EXERCISE DIRECTIONS | Beneath this task are records; print exactly the stretch of them from the line with "destruct (ex_series_of_bounded_sums" through the line with "Lemma Hpsum_orbit_on_block k", both ends included.

STORED DATA |

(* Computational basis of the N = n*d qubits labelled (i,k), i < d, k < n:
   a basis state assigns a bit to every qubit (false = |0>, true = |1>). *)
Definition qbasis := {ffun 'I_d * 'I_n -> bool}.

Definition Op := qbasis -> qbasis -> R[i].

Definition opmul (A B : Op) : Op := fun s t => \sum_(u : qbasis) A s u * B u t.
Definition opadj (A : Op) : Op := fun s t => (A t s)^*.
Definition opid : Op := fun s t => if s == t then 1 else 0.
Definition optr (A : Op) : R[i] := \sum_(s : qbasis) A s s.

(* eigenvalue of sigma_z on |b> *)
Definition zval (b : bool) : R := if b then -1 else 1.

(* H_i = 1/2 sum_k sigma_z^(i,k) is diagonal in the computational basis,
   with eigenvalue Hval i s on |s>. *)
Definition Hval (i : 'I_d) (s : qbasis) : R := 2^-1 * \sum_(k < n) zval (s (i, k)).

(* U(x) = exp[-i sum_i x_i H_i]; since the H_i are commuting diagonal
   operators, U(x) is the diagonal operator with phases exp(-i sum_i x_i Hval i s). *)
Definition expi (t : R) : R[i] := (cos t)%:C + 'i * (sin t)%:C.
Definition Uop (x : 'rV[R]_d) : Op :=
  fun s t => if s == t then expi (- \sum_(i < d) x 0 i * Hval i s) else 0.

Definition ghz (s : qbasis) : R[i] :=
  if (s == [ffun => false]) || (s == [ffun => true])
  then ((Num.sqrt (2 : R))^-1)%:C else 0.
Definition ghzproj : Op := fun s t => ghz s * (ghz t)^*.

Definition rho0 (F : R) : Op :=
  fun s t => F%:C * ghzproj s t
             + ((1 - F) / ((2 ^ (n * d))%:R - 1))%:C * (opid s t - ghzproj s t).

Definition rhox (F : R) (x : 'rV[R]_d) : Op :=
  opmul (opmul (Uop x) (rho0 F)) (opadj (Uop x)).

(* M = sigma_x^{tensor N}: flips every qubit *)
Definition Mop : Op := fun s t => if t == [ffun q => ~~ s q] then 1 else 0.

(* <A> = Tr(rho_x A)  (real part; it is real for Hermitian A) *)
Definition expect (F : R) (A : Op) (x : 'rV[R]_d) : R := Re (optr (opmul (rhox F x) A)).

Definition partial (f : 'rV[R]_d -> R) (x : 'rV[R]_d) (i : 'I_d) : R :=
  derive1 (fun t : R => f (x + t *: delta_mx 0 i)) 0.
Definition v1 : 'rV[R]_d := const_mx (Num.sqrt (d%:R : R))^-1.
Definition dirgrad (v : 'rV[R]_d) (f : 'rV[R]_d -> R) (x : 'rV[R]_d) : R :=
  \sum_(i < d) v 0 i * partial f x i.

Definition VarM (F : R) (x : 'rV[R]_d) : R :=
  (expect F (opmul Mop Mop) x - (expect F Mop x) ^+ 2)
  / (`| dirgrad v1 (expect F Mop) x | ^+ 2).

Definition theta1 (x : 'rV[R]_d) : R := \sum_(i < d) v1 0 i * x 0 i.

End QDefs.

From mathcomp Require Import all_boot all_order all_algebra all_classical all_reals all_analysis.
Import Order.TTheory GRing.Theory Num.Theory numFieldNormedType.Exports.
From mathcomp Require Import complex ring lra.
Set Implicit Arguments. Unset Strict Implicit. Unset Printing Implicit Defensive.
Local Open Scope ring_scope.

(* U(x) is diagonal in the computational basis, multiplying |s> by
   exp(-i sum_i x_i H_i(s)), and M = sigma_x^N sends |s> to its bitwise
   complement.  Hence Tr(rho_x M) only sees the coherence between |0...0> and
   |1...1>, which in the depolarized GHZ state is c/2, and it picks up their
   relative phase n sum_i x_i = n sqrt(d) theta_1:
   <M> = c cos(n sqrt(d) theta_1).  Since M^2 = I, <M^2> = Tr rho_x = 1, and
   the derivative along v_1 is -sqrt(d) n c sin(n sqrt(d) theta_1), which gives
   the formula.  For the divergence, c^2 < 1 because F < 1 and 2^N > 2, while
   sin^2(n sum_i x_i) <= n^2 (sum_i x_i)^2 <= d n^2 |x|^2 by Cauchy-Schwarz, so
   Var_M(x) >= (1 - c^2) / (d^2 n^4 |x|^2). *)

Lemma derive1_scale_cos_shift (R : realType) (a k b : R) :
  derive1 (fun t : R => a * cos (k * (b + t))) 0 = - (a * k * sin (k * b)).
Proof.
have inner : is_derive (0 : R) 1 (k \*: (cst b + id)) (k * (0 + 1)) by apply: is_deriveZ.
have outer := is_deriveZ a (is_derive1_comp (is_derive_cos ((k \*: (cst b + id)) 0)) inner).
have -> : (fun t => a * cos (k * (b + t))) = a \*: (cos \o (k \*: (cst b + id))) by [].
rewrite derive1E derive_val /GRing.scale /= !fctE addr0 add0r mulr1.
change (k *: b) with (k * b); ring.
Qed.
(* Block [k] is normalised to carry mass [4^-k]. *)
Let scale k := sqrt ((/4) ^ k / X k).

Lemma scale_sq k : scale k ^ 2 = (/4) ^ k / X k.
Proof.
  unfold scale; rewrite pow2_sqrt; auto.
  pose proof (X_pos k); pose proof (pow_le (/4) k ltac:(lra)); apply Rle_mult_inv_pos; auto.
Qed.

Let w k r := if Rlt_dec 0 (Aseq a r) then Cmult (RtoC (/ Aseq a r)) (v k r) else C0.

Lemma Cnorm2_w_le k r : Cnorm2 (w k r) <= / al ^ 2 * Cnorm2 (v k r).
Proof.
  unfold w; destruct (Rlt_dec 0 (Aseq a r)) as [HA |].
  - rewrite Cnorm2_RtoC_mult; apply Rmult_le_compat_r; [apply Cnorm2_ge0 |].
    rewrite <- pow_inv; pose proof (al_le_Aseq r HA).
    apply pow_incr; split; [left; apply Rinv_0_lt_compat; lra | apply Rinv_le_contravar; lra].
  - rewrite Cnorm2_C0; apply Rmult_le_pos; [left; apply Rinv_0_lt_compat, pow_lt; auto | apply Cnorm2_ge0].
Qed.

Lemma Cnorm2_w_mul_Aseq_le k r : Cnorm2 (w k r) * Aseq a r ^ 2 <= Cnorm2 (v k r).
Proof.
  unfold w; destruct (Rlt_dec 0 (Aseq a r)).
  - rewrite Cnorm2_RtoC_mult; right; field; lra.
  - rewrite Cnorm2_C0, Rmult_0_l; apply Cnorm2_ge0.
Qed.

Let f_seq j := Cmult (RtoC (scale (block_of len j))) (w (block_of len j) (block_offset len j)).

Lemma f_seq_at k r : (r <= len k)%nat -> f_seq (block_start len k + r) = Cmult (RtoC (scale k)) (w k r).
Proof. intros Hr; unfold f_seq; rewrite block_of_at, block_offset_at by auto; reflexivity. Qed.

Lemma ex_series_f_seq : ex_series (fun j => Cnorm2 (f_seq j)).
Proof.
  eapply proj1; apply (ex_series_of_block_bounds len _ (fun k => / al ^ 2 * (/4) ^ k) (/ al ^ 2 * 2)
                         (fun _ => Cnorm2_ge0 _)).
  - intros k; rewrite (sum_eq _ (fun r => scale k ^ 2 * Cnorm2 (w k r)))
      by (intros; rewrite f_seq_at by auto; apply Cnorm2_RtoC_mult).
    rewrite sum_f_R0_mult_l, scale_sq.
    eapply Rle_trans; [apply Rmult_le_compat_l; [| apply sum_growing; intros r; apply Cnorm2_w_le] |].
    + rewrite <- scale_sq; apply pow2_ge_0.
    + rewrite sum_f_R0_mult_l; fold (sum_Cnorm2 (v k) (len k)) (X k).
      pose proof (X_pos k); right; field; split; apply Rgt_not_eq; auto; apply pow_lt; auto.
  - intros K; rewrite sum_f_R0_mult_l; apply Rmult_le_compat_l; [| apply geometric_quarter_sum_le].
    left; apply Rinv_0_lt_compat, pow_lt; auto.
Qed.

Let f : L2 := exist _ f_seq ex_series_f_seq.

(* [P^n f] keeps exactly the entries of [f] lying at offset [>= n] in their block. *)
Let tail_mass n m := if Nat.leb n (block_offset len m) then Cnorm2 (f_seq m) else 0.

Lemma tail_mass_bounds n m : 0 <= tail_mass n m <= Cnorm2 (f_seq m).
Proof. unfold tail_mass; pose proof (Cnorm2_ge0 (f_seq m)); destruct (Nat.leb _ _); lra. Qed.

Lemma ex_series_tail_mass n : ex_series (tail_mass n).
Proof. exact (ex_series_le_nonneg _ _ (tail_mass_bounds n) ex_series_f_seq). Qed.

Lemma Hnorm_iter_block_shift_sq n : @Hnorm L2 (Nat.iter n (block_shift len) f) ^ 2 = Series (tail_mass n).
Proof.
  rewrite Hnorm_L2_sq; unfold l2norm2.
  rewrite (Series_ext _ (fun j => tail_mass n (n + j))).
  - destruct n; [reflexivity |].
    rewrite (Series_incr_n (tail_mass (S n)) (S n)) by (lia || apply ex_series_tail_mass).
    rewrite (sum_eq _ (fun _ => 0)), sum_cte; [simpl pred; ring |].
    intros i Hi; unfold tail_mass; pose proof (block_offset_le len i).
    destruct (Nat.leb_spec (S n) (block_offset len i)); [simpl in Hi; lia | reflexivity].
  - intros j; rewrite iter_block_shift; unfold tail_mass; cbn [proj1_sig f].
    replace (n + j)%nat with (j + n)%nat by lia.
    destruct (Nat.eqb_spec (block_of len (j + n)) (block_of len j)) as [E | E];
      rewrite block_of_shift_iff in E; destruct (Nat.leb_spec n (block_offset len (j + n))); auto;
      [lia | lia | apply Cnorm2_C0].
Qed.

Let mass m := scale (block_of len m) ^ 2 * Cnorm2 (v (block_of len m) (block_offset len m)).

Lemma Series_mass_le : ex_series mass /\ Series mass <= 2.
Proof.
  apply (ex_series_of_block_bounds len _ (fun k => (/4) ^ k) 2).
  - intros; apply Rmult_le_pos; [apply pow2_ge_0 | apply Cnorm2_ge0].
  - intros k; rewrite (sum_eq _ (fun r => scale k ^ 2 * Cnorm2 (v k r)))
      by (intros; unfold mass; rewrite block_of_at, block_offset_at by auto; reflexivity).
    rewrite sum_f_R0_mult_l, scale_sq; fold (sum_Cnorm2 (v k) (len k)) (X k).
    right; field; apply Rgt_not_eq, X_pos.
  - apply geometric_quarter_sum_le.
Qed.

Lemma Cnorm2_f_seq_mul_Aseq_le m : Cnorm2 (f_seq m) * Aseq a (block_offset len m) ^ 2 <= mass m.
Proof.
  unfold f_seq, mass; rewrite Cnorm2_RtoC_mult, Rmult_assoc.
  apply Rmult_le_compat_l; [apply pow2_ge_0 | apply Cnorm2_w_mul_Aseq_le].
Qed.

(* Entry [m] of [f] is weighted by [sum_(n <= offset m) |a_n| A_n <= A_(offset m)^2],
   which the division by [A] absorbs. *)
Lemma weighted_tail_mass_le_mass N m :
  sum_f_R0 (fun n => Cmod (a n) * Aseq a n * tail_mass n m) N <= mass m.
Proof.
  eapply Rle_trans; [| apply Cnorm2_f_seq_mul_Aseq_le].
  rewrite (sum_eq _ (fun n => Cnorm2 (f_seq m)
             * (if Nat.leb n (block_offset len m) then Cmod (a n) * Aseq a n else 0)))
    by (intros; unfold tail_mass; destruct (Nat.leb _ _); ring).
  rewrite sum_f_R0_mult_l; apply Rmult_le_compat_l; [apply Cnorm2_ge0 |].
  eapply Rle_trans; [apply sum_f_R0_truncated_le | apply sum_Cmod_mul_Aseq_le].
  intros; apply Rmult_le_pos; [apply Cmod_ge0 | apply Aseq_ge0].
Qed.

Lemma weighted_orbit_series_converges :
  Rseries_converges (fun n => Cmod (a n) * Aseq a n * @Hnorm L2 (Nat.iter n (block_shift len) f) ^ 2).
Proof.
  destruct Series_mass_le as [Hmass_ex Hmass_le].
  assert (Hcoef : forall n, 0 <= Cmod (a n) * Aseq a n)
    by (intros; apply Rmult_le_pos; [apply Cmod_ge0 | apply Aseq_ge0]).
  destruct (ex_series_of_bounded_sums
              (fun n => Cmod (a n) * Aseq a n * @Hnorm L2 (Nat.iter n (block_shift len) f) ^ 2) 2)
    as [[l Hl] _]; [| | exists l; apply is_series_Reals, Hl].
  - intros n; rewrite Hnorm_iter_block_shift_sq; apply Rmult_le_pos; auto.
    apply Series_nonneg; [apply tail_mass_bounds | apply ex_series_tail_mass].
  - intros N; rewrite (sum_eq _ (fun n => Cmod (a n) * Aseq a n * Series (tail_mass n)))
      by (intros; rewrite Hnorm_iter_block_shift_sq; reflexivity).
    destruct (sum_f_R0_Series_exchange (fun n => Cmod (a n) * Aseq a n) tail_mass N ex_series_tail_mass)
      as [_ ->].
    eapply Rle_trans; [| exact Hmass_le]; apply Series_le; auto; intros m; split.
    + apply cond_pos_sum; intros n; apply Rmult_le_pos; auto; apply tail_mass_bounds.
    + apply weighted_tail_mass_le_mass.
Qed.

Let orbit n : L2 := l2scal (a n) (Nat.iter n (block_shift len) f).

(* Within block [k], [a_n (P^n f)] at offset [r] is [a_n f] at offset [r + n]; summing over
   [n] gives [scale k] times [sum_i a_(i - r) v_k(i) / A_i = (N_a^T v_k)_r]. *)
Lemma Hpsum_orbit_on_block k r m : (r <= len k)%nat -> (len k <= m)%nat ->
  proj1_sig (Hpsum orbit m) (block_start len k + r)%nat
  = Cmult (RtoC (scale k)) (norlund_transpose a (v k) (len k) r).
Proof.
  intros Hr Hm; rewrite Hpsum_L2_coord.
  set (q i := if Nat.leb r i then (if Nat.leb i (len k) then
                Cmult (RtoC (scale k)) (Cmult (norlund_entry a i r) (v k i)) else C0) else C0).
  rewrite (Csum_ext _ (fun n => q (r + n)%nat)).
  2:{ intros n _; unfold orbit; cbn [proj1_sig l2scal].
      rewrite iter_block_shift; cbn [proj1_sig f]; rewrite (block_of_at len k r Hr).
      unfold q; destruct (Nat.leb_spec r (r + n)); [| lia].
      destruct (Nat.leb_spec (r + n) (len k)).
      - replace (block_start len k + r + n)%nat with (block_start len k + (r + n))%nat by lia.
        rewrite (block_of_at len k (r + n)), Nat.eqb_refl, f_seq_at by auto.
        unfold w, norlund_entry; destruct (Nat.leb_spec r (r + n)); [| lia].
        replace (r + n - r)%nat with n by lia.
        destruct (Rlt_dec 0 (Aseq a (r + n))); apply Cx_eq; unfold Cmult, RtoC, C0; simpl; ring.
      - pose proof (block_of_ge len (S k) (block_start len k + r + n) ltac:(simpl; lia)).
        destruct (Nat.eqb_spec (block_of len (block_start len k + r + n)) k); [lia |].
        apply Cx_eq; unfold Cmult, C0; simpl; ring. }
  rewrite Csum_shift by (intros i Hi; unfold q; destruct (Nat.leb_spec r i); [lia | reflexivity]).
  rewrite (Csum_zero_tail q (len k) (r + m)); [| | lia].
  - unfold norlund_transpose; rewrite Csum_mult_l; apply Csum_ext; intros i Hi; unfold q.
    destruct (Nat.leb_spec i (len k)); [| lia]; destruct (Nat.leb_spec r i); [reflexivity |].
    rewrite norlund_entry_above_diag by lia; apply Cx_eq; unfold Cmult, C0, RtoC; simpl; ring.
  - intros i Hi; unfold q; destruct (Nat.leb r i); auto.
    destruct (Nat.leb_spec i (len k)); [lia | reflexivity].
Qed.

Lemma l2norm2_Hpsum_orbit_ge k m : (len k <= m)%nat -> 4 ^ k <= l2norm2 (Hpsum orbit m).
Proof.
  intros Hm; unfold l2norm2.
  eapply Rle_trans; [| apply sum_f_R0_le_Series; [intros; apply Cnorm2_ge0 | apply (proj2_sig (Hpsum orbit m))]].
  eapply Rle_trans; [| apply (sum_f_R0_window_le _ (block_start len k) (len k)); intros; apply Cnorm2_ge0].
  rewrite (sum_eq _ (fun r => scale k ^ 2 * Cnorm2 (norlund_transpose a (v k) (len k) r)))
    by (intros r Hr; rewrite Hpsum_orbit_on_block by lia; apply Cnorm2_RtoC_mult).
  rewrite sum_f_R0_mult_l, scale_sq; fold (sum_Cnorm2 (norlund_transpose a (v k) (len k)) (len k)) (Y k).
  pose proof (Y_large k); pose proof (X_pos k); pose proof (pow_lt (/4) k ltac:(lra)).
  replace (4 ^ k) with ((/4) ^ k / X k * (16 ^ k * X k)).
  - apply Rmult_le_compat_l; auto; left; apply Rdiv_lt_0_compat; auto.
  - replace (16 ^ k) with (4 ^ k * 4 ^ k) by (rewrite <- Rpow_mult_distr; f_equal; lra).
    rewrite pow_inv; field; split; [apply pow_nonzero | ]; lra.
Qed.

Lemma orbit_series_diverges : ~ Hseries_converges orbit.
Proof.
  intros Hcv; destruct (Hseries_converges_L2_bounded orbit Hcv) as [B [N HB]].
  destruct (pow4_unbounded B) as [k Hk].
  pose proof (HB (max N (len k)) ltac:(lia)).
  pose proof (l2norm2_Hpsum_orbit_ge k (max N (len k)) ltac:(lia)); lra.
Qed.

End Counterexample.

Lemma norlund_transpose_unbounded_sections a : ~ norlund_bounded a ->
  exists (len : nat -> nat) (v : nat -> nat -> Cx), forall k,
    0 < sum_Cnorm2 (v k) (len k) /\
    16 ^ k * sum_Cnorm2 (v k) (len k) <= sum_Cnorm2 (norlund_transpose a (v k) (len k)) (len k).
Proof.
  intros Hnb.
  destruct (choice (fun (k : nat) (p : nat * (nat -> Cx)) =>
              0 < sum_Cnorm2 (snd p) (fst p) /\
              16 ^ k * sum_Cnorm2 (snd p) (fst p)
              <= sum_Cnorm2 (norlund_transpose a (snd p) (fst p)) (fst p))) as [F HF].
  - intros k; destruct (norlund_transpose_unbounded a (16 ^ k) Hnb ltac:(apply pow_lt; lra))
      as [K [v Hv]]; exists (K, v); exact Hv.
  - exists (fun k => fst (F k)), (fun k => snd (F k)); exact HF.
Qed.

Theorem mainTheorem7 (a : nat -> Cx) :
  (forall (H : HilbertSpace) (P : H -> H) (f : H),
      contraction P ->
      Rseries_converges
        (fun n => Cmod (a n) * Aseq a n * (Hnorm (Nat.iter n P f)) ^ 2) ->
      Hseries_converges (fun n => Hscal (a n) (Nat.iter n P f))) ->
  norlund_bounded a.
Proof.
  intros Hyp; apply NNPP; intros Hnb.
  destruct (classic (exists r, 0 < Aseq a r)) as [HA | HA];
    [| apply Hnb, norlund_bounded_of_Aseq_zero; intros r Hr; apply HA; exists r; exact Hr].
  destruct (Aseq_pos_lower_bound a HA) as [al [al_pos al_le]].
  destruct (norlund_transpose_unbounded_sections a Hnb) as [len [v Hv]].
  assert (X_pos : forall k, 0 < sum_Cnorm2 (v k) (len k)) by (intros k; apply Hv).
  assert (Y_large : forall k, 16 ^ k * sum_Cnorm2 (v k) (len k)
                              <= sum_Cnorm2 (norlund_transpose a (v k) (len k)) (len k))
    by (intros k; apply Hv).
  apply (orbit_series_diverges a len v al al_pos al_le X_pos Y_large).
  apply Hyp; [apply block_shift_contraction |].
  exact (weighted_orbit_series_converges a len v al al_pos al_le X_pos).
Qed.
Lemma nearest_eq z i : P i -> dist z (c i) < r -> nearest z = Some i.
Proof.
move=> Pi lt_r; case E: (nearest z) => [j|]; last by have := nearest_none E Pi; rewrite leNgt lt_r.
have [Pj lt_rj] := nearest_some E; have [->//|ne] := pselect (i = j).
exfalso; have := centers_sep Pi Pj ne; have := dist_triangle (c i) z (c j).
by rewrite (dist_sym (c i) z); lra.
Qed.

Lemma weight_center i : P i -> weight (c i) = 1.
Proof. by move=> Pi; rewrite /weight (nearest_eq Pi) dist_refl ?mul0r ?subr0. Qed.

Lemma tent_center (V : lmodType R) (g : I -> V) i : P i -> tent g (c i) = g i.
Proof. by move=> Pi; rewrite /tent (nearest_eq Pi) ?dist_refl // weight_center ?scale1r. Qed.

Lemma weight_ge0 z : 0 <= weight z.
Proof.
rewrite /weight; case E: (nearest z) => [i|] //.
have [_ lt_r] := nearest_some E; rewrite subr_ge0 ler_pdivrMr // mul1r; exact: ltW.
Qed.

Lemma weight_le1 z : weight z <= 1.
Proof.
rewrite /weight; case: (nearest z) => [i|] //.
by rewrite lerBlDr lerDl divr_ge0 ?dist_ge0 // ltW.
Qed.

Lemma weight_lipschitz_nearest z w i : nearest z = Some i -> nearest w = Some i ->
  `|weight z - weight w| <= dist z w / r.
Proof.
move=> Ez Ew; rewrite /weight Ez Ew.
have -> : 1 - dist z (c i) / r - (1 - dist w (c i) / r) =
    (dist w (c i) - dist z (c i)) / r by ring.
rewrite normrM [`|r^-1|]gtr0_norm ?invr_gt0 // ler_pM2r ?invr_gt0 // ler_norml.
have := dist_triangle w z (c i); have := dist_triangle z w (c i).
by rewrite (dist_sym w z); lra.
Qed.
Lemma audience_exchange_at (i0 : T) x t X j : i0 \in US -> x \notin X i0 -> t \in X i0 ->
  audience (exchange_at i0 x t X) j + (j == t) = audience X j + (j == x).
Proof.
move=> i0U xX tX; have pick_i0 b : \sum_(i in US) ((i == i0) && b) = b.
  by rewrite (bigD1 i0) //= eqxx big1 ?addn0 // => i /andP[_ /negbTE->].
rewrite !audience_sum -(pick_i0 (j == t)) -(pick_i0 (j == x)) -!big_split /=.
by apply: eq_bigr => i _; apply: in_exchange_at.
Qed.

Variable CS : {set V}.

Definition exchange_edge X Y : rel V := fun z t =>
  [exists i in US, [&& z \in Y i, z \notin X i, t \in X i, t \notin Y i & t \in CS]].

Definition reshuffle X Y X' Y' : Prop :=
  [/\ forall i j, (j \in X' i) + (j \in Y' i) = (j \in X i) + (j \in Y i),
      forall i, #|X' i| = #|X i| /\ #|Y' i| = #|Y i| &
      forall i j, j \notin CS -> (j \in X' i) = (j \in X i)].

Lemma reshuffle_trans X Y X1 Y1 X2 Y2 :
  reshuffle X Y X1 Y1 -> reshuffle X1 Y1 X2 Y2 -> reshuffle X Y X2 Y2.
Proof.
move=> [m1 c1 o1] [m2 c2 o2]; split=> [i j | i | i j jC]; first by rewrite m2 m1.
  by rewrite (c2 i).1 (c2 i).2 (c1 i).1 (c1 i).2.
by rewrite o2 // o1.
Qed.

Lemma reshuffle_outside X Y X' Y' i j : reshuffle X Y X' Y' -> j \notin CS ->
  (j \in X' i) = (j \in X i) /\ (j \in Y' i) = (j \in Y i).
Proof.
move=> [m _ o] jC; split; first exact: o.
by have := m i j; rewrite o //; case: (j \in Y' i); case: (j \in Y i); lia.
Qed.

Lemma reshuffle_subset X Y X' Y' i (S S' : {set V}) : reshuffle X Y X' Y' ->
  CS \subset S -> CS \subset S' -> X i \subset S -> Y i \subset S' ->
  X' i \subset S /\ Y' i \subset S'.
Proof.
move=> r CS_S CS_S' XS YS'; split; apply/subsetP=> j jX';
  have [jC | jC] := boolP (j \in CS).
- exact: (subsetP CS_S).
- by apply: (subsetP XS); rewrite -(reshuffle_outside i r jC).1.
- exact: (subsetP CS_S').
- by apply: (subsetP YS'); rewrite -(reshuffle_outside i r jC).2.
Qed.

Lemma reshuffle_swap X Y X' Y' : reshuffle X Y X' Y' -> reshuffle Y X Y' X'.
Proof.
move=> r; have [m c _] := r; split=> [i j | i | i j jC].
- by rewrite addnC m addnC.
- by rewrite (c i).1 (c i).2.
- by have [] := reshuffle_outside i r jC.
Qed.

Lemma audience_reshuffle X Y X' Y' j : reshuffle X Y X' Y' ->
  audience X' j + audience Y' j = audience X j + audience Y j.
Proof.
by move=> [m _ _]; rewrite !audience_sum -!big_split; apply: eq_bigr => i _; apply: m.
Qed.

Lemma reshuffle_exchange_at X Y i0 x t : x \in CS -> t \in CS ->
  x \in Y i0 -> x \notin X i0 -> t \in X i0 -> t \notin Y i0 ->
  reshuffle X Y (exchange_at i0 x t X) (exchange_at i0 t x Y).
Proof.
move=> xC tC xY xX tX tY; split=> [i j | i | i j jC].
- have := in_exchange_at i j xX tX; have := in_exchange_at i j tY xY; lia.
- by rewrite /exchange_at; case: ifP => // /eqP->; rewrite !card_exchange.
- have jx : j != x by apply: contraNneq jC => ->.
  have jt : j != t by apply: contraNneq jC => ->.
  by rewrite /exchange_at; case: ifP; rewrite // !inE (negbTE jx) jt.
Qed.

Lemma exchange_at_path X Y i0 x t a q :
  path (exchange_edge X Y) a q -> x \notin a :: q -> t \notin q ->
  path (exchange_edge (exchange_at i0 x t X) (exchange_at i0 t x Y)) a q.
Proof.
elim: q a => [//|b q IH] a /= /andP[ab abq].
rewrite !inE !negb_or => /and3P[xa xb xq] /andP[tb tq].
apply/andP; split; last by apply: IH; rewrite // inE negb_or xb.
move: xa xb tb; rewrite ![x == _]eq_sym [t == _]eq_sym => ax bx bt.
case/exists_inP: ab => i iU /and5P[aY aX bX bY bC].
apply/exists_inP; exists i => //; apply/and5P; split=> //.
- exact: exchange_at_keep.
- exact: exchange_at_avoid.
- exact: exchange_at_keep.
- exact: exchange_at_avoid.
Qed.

WRITTEN ANSWER |
  destruct (ex_series_of_bounded_sums
              (fun n => Cmod (a n) * Aseq a n * @Hnorm L2 (Nat.iter n (block_shift len) f) ^ 2) 2)
    as [[l Hl] _]; [| | exists l; apply is_series_Reals, Hl].
  - intros n; rewrite Hnorm_iter_block_shift_sq; apply Rmult_le_pos; auto.
    apply Series_nonneg; [apply tail_mass_bounds | apply ex_series_tail_mass].
  - intros N; rewrite (sum_eq _ (fun n => Cmod (a n) * Aseq a n * Series (tail_mass n)))
      by (intros; rewrite Hnorm_iter_block_shift_sq; reflexivity).
    destruct (sum_f_R0_Series_exchange (fun n => Cmod (a n) * Aseq a n) tail_mass N ex_series_tail_mass)
      as [_ ->].
    eapply Rle_trans; [| exact Hmass_le]; apply Series_le; auto; intros m; split.
    + apply cond_pos_sum; intros n; apply Rmult_le_pos; auto; apply tail_mass_bounds.
    + apply weighted_tail_mass_le_mass.
Qed.

Let orbit n : L2 := l2scal (a n) (Nat.iter n (block_shift len) f).

(* Within block [k], [a_n (P^n f)] at offset [r] is [a_n f] at offset [r + n]; summing over
   [n] gives [scale k] times [sum_i a_(i - r) v_k(i) / A_i = (N_a^T v_k)_r]. *)
Lemma Hpsum_orbit_on_block k r m : (r <= len k)%nat -> (len k <= m)%nat ->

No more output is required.